__Task prompt__.
Below are lines of data; restate word for word those running from the line containing "trans : St -> Act -> St -> realR;" to the line containing "Definition transition (E", inclusive, and no others.

__Provided data__.
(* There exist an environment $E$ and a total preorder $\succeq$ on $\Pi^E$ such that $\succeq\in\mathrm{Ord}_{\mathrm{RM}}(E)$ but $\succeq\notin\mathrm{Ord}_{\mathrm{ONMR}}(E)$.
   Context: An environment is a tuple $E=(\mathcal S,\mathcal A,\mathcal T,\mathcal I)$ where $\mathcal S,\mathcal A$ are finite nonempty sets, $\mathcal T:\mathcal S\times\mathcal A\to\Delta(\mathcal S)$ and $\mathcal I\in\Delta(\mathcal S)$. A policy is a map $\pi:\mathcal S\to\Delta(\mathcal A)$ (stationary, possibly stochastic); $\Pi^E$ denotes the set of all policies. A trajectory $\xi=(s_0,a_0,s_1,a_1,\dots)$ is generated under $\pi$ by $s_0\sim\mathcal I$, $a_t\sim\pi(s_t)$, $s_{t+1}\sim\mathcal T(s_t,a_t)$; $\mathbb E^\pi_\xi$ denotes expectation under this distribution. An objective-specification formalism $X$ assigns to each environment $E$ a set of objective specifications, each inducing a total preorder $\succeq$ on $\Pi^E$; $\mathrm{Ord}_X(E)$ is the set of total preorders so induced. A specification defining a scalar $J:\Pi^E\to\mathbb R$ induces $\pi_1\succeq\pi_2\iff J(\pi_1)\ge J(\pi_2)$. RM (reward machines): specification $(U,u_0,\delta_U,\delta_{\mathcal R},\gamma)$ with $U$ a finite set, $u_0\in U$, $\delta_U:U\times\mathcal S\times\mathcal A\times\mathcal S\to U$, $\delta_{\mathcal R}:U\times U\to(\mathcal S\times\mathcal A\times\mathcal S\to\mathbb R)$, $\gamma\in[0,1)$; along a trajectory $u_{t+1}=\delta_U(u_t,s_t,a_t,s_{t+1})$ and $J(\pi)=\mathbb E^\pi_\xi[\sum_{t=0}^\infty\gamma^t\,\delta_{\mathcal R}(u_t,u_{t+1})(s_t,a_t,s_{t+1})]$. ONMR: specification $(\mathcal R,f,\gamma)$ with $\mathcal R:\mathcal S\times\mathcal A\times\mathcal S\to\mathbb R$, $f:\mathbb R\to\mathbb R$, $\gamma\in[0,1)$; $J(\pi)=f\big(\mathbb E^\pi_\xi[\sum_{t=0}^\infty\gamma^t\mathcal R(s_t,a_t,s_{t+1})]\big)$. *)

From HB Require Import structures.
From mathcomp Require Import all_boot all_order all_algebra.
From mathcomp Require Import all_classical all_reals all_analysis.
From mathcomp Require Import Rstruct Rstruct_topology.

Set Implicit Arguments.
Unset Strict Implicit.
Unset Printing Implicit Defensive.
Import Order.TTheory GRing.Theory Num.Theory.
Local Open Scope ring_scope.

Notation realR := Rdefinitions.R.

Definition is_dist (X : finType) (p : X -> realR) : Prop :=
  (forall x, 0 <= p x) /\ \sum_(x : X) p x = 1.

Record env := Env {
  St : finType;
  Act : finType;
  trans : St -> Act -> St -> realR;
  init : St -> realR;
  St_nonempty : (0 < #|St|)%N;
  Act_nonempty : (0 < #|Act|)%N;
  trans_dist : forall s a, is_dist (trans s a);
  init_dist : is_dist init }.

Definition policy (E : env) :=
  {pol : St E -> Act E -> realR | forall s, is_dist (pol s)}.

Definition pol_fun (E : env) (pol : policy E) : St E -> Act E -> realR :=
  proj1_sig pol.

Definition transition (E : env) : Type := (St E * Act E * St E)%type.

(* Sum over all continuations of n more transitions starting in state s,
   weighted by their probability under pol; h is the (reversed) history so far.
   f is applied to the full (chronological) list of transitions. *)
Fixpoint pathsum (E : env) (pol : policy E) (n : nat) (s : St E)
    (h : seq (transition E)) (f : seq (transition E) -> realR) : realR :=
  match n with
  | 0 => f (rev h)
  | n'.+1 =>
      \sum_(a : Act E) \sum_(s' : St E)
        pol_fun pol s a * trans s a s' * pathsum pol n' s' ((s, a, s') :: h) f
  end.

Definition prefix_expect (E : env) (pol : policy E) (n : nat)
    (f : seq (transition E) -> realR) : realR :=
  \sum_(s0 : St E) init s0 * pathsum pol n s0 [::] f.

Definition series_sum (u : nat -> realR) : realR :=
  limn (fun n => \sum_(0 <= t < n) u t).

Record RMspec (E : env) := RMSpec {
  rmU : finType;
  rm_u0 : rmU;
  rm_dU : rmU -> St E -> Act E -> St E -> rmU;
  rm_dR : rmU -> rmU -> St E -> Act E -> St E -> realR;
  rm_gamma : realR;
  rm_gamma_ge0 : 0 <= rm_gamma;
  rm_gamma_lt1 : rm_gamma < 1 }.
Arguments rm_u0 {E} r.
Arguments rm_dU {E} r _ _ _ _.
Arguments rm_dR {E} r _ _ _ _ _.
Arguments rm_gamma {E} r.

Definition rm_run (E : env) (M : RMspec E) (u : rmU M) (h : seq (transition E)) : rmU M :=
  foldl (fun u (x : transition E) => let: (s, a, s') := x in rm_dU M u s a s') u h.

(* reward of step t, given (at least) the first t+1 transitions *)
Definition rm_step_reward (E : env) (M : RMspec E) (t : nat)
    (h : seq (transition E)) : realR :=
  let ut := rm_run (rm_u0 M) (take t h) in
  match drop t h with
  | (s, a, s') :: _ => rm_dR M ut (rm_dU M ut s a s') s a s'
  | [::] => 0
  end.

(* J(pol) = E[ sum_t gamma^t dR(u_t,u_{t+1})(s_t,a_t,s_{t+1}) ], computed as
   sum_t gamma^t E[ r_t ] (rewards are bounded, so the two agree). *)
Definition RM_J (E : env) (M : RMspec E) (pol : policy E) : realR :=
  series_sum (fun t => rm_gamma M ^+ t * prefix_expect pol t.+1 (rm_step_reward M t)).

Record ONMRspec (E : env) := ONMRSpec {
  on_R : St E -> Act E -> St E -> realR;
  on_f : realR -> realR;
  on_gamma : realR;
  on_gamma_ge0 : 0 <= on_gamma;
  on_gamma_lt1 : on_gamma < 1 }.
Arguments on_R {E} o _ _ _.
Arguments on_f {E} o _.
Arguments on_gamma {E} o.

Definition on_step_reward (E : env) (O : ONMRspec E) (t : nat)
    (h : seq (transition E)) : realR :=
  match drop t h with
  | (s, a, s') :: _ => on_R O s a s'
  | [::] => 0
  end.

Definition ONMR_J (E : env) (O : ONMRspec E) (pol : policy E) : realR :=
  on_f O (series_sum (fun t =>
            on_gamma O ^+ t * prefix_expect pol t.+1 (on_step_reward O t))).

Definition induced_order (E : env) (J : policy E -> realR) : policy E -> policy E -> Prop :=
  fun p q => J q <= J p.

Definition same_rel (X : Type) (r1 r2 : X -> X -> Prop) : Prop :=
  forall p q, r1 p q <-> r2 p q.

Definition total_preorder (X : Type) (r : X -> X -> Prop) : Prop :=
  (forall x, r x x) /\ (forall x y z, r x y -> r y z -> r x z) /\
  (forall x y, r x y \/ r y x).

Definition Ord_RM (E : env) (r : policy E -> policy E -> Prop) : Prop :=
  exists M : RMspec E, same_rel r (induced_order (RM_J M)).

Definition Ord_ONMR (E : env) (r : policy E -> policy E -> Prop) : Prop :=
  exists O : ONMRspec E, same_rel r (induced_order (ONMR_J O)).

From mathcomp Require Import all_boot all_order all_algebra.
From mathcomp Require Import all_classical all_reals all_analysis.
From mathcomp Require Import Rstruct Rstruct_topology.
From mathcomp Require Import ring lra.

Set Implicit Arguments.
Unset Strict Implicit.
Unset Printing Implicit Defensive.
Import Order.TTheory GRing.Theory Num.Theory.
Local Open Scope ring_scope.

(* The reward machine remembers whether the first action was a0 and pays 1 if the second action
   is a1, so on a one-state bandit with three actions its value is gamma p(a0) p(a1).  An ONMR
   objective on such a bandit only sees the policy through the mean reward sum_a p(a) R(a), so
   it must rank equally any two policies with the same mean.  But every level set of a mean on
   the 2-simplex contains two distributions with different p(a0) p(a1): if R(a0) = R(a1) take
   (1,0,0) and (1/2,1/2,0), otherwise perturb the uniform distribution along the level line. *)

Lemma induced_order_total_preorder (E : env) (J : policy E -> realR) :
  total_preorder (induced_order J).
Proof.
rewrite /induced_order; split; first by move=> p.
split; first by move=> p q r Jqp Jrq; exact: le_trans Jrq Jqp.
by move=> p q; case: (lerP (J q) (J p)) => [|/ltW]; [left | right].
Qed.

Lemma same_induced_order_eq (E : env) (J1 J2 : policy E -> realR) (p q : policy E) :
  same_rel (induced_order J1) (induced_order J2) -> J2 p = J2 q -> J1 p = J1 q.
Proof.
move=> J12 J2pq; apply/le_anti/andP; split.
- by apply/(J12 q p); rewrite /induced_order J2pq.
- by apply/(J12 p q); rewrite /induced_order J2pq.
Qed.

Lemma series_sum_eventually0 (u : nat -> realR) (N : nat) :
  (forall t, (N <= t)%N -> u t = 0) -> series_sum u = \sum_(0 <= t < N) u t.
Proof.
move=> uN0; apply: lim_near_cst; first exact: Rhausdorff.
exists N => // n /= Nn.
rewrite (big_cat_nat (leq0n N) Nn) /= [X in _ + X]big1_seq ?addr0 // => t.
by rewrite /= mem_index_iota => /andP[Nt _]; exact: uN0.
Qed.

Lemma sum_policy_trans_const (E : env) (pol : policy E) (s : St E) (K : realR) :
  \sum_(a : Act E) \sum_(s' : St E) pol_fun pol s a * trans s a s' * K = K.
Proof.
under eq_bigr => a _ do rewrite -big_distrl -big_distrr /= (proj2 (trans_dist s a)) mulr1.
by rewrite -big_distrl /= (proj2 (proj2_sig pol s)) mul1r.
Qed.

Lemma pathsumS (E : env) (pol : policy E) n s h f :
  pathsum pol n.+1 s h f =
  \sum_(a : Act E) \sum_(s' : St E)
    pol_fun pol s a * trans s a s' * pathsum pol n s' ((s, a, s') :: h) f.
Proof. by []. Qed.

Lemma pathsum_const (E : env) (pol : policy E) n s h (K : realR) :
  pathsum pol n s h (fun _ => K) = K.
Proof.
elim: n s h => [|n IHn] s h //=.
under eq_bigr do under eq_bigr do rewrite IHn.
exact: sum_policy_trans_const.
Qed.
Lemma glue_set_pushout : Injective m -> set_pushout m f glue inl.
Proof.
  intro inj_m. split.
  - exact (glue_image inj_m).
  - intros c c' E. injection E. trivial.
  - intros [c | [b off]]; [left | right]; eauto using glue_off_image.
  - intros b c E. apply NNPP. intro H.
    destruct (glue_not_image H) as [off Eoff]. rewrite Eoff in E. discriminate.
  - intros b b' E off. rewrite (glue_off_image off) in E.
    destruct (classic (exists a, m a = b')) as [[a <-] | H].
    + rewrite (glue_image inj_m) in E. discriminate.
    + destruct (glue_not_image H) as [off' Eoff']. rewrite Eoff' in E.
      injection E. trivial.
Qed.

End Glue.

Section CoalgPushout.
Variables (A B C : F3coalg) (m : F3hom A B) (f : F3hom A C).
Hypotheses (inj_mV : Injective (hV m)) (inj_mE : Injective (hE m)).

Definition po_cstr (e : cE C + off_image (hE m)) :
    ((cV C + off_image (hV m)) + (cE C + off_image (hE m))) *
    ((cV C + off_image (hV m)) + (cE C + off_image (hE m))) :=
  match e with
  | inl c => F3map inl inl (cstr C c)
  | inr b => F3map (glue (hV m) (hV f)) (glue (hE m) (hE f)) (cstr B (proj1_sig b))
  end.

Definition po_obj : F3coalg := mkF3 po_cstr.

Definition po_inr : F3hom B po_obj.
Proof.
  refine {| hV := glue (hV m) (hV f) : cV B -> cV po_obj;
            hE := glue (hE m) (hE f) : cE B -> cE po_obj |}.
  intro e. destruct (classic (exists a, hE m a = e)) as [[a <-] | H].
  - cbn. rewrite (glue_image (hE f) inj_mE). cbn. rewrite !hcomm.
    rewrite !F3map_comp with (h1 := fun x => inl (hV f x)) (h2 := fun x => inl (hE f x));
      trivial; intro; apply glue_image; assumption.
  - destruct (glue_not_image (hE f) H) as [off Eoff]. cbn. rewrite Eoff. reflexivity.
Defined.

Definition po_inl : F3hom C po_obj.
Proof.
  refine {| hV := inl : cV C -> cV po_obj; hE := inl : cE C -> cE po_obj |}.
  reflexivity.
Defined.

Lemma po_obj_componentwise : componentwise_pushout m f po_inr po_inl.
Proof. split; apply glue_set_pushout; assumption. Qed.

__Result of this exercise__.
  trans : St -> Act -> St -> realR;
  init : St -> realR;
  St_nonempty : (0 < #|St|)%N;
  Act_nonempty : (0 < #|Act|)%N;
  trans_dist : forall s a, is_dist (trans s a);
  init_dist : is_dist init }.

Definition policy (E : env) :=
  {pol : St E -> Act E -> realR | forall s, is_dist (pol s)}.

Definition pol_fun (E : env) (pol : policy E) : St E -> Act E -> realR :=
  proj1_sig pol.

Definition transition (E : env) : Type := (St E * Act E * St E)%type.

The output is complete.